TASK OBJECTIVE: Restrict the output to the lines below starting at the one that contains "have hy' : h" and ending at the one that contains "apply: (box_coverable_le (e", and restate them word for word, both ends included.

Records from a data source:
Lemma bounded_lipschitz_cst k : bounded_lipschitz (fun=> k).
Proof.
split; first by exists `|k|.
by exists 0; split => // x y _ _; rewrite subrr normr0 mul0r.
Qed.

Lemma bounded_lipschitz_coord c : bounded_lipschitz (fun x => x c).
Proof.
split.
  by exists 1; split => // x /(_ c) /andP[x0 x1]; rewrite ger0_norm.
exists 1; split => // x y _ _; rewrite mul1r /l1_dist (bigD1 c) //=.
by rewrite lerDl sumr_ge0.
Qed.

Lemma bounded_lipschitzN f : bounded_lipschitz f -> bounded_lipschitz (fun x => - f x).
Proof.
move=> [[M [M0 hM]] [L [L0 hL]]]; split.
  by exists M; split => // x cx; rewrite normrN hM.
by exists L; split => // x y cx cy; rewrite -opprD normrN hL.
Qed.

Lemma bounded_lipschitzD f g : bounded_lipschitz f -> bounded_lipschitz g ->
  bounded_lipschitz (fun x => f x + g x).
Proof.
move=> [[M1 [M10 hM1]] [L1 [L10 hL1]]] [[M2 [M20 hM2]] [L2 [L20 hL2]]]; split.
  exists (M1 + M2); split => [|x cx]; first exact: addr_ge0.
  by apply: le_trans (ler_normD _ _) _; rewrite lerD ?hM1 ?hM2.
exists (L1 + L2); split => [|x y cx cy]; first exact: addr_ge0.
rewrite opprD addrACA mulrDl; apply: le_trans (ler_normD _ _) _.
by rewrite lerD ?hL1 ?hL2.
Qed.

Lemma bounded_lipschitzM f g : bounded_lipschitz f -> bounded_lipschitz g ->
  bounded_lipschitz (fun x => f x * g x).
Proof.
move=> [[M1 [M10 hM1]] [L1 [L10 hL1]]] [[M2 [M20 hM2]] [L2 [L20 hL2]]]; split.
  exists (M1 * M2); split => [|x cx]; first exact: mulr_ge0.
  by rewrite normrM ler_pM ?hM1 ?hM2.
exists (M1 * L2 + L1 * M2); split => [|x y cx cy].
  by rewrite addr_ge0 ?mulr_ge0.
have -> : f x * g x - f y * g y = f x * (g x - g y) + (f x - f y) * g y by ring.
have -> : (M1 * L2 + L1 * M2) * l1_dist x y =
    M1 * (L2 * l1_dist x y) + (L1 * l1_dist x y) * M2 by ring.
apply: le_trans (ler_normD _ _) _.
by rewrite !normrM lerD ?ler_pM ?hM1 ?hM2 ?hL1 ?hL2.
Qed.

Lemma bounded_lipschitz_sum (T : Type) (s : seq T) (P : pred T) (F : T -> (I -> R) -> R) :
  (forall t, bounded_lipschitz (F t)) ->
  bounded_lipschitz (fun x => \sum_(t <- s | P t) F t x).
Proof.
move=> hF; elim: s => [|t s IH].
  by apply: (eq_bounded_lipschitz _ (bounded_lipschitz_cst 0)) => x; rewrite big_nil.
case Pt: (P t).
  by apply: (eq_bounded_lipschitz _ (bounded_lipschitzD (hF t) IH)) => x; rewrite big_cons Pt.
by apply: (eq_bounded_lipschitz _ IH) => x; rewrite big_cons Pt.
Qed.

Lemma bounded_lipschitz_prod (T : Type) (s : seq T) (P : pred T) (F : T -> (I -> R) -> R) :
  (forall t, bounded_lipschitz (F t)) ->
  bounded_lipschitz (fun x => \prod_(t <- s | P t) F t x).
Proof.
move=> hF; elim: s => [|t s IH].
  by apply: (eq_bounded_lipschitz _ (bounded_lipschitz_cst 1)) => x; rewrite big_nil.
case Pt: (P t).
  by apply: (eq_bounded_lipschitz _ (bounded_lipschitzM (hF t) IH)) => x; rewrite big_cons Pt.
by apply: (eq_bounded_lipschitz _ IH) => x; rewrite big_cons Pt.
Qed.

Lemma bounded_lipschitz_det n (M : 'I_n -> 'I_n -> (I -> R) -> R) :
  (forall i j, bounded_lipschitz (M i j)) ->
  bounded_lipschitz (fun x => \det (\matrix_(i, j) M i j x)).
Proof.
move=> hM; apply: (eq_bounded_lipschitz (f := fun x =>
  \sum_(s : 'S_n) (-1) ^+ s * \prod_i M i (s i) x)).
  move=> x; apply: eq_bigr => s _; congr (_ * _).
  by apply: eq_bigr => i _; rewrite mxE.
apply: bounded_lipschitz_sum => s; apply: bounded_lipschitzM.
  exact: bounded_lipschitz_cst.
by apply: bounded_lipschitz_prod => i; apply: hM.
Qed.

Lemma unit_cube_set_coord x c v : unit_cube x -> 0 <= v <= 1 -> unit_cube (set_coord x c v).
Proof. by move=> cx v01 c'; case: dfwithP. Qed.

Definition thin_near_zero (f : (I -> R) -> R) : Prop :=
  forall eps, 0 < eps -> exists2 del, 0 < del &
    box_coverable [set x | unit_cube x /\ `|f x| < del] eps.

Lemma thin_near_zero_cst k : k != 0 -> thin_near_zero (fun=> k).
Proof.
move=> k0 eps /ltW/box_coverable0 cov0; exists `|k|; first by rewrite normr_gt0.
by apply: box_coverableS cov0 => x [_]; rewrite ltxx.
Qed.

Lemma jordan_null_zeros f : thin_near_zero f -> jordan_null [set x | unit_cube x /\ f x = 0].
Proof.
move=> tf eps /tf [del del0]; apply: box_coverableS => x [cx fx0].
by split; rewrite // fx0 normr0.
Qed.

Section AffineInCoord.
Variables (c : I) (f g : (I -> R) -> R).
Hypothesis g_set_coord : forall x v, g (set_coord x c v) = g x.
Hypothesis f_set_coord : forall x v, f (set_coord x c v) = f x + (v - x c) * g x.
Hypotheses (f_bl : bounded_lipschitz f) (g_bl : bounded_lipschitz g).

(* With [h x := f x - x c * g x], independent of [x c], the bound [|f x| < del] forces
   [x c] within [del / d] of [- h x / g x], a Lipschitz function of the other coordinates
   where [|g| >= d]. *)
Lemma box_coverable_near_zero_steep : exists2 K, 0 <= K &
  forall d del e, 0 < d -> 0 <= del -> 0 < e ->
    box_coverable [set x | unit_cube x /\ `|f x| < del /\ d <= `|g x|] (K * del / d ^+ 2 + e).
Proof.
pose h x := f x - x c * g x.
have h_bl : bounded_lipschitz h.
  exact/(bounded_lipschitzD f_bl)/bounded_lipschitzN/bounded_lipschitzM/g_bl/bounded_lipschitz_coord.
move: g_bl h_bl => [[Mg [Mg0 hMg]] [Lg [Lg0 hLg]]] [[Mh [Mh0 hMh]] [Lh [Lh0 hLh]]].
exists (4 * Mg) => [|d del e d0 del0 e0]; first by rewrite mulr_ge0.
have d2 : 0 < d ^+ 2 by rewrite exprn_gt0.
have -> : 4 * Mg * del / d ^+ 2 + e = 2 * (2 * Mg * del / d ^+ 2) + e by ring.
apply: (box_coverable_lipschitz_slab (c := c) (L := (Mg * Lh + Mh * Lg) / d ^+ 2)) => //.
- by rewrite divr_ge0 ?addr_ge0 ?mulr_ge0 // ltW.
- by rewrite !mulr_ge0 // invr_ge0 ltW.
- by move=> x [].
move=> x y [cx [fx gx]] [cy [fy gy]].
set y' := set_coord y c (x c).
have cy' : unit_cube y' by apply: unit_cube_set_coord.
have gy' : g y' = g y by apply: g_set_coord.
have hy' : h y' = h y by rewrite /h /y' f_set_coord g_set_coord dfwith_in; ring.
have cross : g x * g y * (x c - y c) =
    g y * f x - g x * f y - (g y' * (h x - h y') + h y' * (g y' - g x)).
  by rewrite gy' hy' /h; ring.
have bound : `|g x * g y * (x c - y c)| <=
    2 * Mg * del + (Mg * Lh + Mh * Lg) * l1_dist x y'.
  rewrite cross; apply: le_trans (ler_normB _ _) _.
  have -> : 2 * Mg * del + (Mg * Lh + Mh * Lg) * l1_dist x y' =
      (Mg * del + Mg * del) + (Mg * (Lh * l1_dist x y') + Mh * (Lg * l1_dist x y')) by ring.
  apply: lerD; [apply: le_trans (ler_normB _ _) _|apply: le_trans (ler_normD _ _) _];
    rewrite !normrM; apply: lerD; apply: ler_pM => //.
  - exact: hMg.
  - exact: ltW.
  - exact: hMg.
  - exact: ltW.
  - exact: hMg.
  - exact: hLh.
  - exact: hMh.
  - by rewrite distrC hLg.
rewrite -(ler_pM2l d2); apply: le_trans (le_trans _ bound) _.
  by rewrite !normrM expr2 ler_wpM2r // (ler_pM (ltW d0) (ltW d0) gx gy).
rewrite le_eqVlt; apply/orP; left; apply/eqP; field; exact: lt0r_neq0.
Qed.

Lemma thin_near_zero_affine_coord : thin_near_zero g -> thin_near_zero f.
Proof.
move=> g_thin eps e0; have e3 : 0 < eps / 3 by rewrite divr_gt0.
have [K K0 steep] := box_coverable_near_zero_steep.
have [d d0 flat] := g_thin _ e3.
have d2 : 0 < d ^+ 2 by rewrite exprn_gt0.
pose del := eps * d ^+ 2 / (3 * (K + 1)).
have del0 : 0 < del by rewrite !mulr_gt0 // invr_gt0 mulr_gt0 // ltr_wpDl.
exists del => //.
apply: (box_coverable_le (e := eps / 3 + (K * del / d ^+ 2 + eps / 3))).
  have -> : K * del / d ^+ 2 = eps / 3 * (K / (K + 1)).
    by rewrite /del; field; rewrite ?gt_eqF ?ltr_wpDl.
  have : K / (K + 1) <= 1 by rewrite ler_pdivrMr ?ltr_wpDl // mul1r lerDl.
  by move: e3 => /ltW; nra.
apply: (box_coverableS (F := [set x | unit_cube x /\ `|g x| < d] `|`
                             [set x | unit_cube x /\ `|f x| < del /\ d <= `|g x|])).
  by move=> x [cx fx]; case: (ltP `|g x| d); [left|right].
exact: box_coverableU flat (steep _ _ _ d0 (ltW del0) e3).
Qed.

End AffineInCoord.

(** * Determinants of difference matrices *)

Definition diff_mx m (p q : 'I_m -> 'I_m -> I) x : 'M[R]_m :=
  \matrix_(a, b) (x (p a b) - x (q a b)).

Definition lift_idx m (p : 'I_m.+1 -> 'I_m.+1 -> I) (a b : 'I_m) : I :=
  p (lift ord0 a) (lift ord0 b).

Lemma bounded_lipschitz_det_diff_mx m (p q : 'I_m -> 'I_m -> I) :
  bounded_lipschitz (fun x => \det (diff_mx p q x)).
Proof.
apply: bounded_lipschitz_det => a b.
exact/bounded_lipschitzD/bounded_lipschitzN/bounded_lipschitz_coord/bounded_lipschitz_coord.
Qed.

Lemma diff_mx_set_coord_out m (p q : 'I_m -> 'I_m -> I) x c v :
  (forall a b, p a b != c) -> (forall a b, q a b != c) ->
  diff_mx p q (set_coord x c v) = diff_mx p q x.
Proof.
move=> pc qc; apply/matrixP => a b.
by rewrite !mxE !dfwith_out // eq_sym ?pc ?qc.
Qed.

Lemma cofactor_diff_mx00 m (p q : 'I_m.+1 -> 'I_m.+1 -> I) x :
  cofactor (diff_mx p q x) 0 0 = \det (diff_mx (lift_idx p) (lift_idx q) x).
Proof.
rewrite /cofactor expr0 mul1r; congr (\det _).
by apply/matrixP => a b; rewrite !mxE.
Qed.

Lemma det_diff_mx_set_coord00 m (p q : 'I_m.+1 -> 'I_m.+1 -> I) x v :
  (forall a b a' b', p a b = p a' b' -> (a, b) = (a', b')) ->
  (forall a b a' b', p a b != q a' b') ->
  \det (diff_mx p q (set_coord x (p 0 0) v)) =
    \det (diff_mx p q x) + (v - x (p 0 0)) * \det (diff_mx (lift_idx p) (lift_idx q) x).
Proof.
move=> p_inj pq_disj; rewrite -cofactor_diff_mx00 -det_add_scale_delta.
congr (\det _); apply/matrixP => a b; rewrite !mxE.
rewrite (dfwith_out _ _ (pq_disj _ _ _ _)).
have [[-> ->]|ab00] := eqVneq (a, b) (0, 0); first by rewrite dfwith_in eqxx mulr1; ring.
rewrite dfwith_out; last by apply: contra_neq ab00 => /p_inj.
by move: ab00; rewrite xpair_eqE => /negbTE->; rewrite mulr0 addr0.
Qed.

Lemma thin_near_zero_det_diff_mx m (p q : 'I_m -> 'I_m -> I) :
  (forall a b a' b', p a b = p a' b' -> (a, b) = (a', b')) ->
  (forall a b a' b', p a b != q a' b') ->
  thin_near_zero (fun x => \det (diff_mx p q x)).
Proof.
elim: m p q => [|m IH] p q p_inj pq_disj.
  under [fun x => _]funext => x do rewrite det_mx00.
  exact/thin_near_zero_cst/oner_neq0.
have p00_out a b : p (lift 0 a) (lift 0 b) != p 0 0.
  by apply: contra_neq (neq_lift 0 a) => /p_inj [].
apply: (@thin_near_zero_affine_coord (p 0 0) _ (fun x => \det (diff_mx (lift_idx p) (lift_idx q) x))).
- by move=> x v; rewrite diff_mx_set_coord_out // => a b; rewrite eq_sym pq_disj.
- by move=> x v; apply: det_diff_mx_set_coord00.
- exact: bounded_lipschitz_det_diff_mx.
- exact: bounded_lipschitz_det_diff_mx.
apply: IH => [a b a' b' /p_inj/eqP|a b a' b']; last exact: pq_disj.
by rewrite xpair_eqE !(inj_eq (@lift_inj _ 0)) => /andP[/eqP-> /eqP->].
Qed.

End UnitCube.

(** * A minor of T^i controlling its rank *)

Section ScantMinor.
Variables (R : realType) (A O : finType) (i : A) (S : {set rowT O i}).

Definition diff_row := ({j : A | j != i} + {j : A | j != i})%type.
Definition S_diff : {set diff_row} := [set r | inl r \in S].
Definition S_id : {set O} := [set w | inr w \in S].
Definition minor_size := minn #|S_diff| #|~: S_id|.

Definition minor_diff_row (a : 'I_minor_size) : diff_row :=
  enum_val (widen_ord (geq_minl _ _) a).
Definition minor_free_col (b : 'I_minor_size) : O :=
  enum_val (widen_ord (geq_minr _ _) b).

Definition minor_p (a b : 'I_minor_size) : envT A O :=
  match minor_diff_row a with
  | inl j => inl (val j, minor_free_col b)
  | inr j => inr (val j, minor_free_col b)
  end.
Definition minor_q (a b : 'I_minor_size) : envT A O :=
  match minor_diff_row a with
  | inl _ => inl (i, minor_free_col b)
  | inr _ => inr (i, minor_free_col b)
  end.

ANSWER TO THIS PROBLEM:
have hy' : h y' = h y by rewrite /h /y' f_set_coord g_set_coord dfwith_in; ring.
have cross : g x * g y * (x c - y c) =
    g y * f x - g x * f y - (g y' * (h x - h y') + h y' * (g y' - g x)).
  by rewrite gy' hy' /h; ring.
have bound : `|g x * g y * (x c - y c)| <=
    2 * Mg * del + (Mg * Lh + Mh * Lg) * l1_dist x y'.
  rewrite cross; apply: le_trans (ler_normB _ _) _.
  have -> : 2 * Mg * del + (Mg * Lh + Mh * Lg) * l1_dist x y' =
      (Mg * del + Mg * del) + (Mg * (Lh * l1_dist x y') + Mh * (Lg * l1_dist x y')) by ring.
  apply: lerD; [apply: le_trans (ler_normB _ _) _|apply: le_trans (ler_normD _ _) _];
    rewrite !normrM; apply: lerD; apply: ler_pM => //.
  - exact: hMg.
  - exact: ltW.
  - exact: hMg.
  - exact: ltW.
  - exact: hMg.
  - exact: hLh.
  - exact: hMh.
  - by rewrite distrC hLg.
rewrite -(ler_pM2l d2); apply: le_trans (le_trans _ bound) _.
  by rewrite !normrM expr2 ler_wpM2r // (ler_pM (ltW d0) (ltW d0) gx gy).
rewrite le_eqVlt; apply/orP; left; apply/eqP; field; exact: lt0r_neq0.
Qed.

Lemma thin_near_zero_affine_coord : thin_near_zero g -> thin_near_zero f.
Proof.
move=> g_thin eps e0; have e3 : 0 < eps / 3 by rewrite divr_gt0.
have [K K0 steep] := box_coverable_near_zero_steep.
have [d d0 flat] := g_thin _ e3.
have d2 : 0 < d ^+ 2 by rewrite exprn_gt0.
pose del := eps * d ^+ 2 / (3 * (K + 1)).
have del0 : 0 < del by rewrite !mulr_gt0 // invr_gt0 mulr_gt0 // ltr_wpDl.
exists del => //.
apply: (box_coverable_le (e := eps / 3 + (K * del / d ^+ 2 + eps / 3))).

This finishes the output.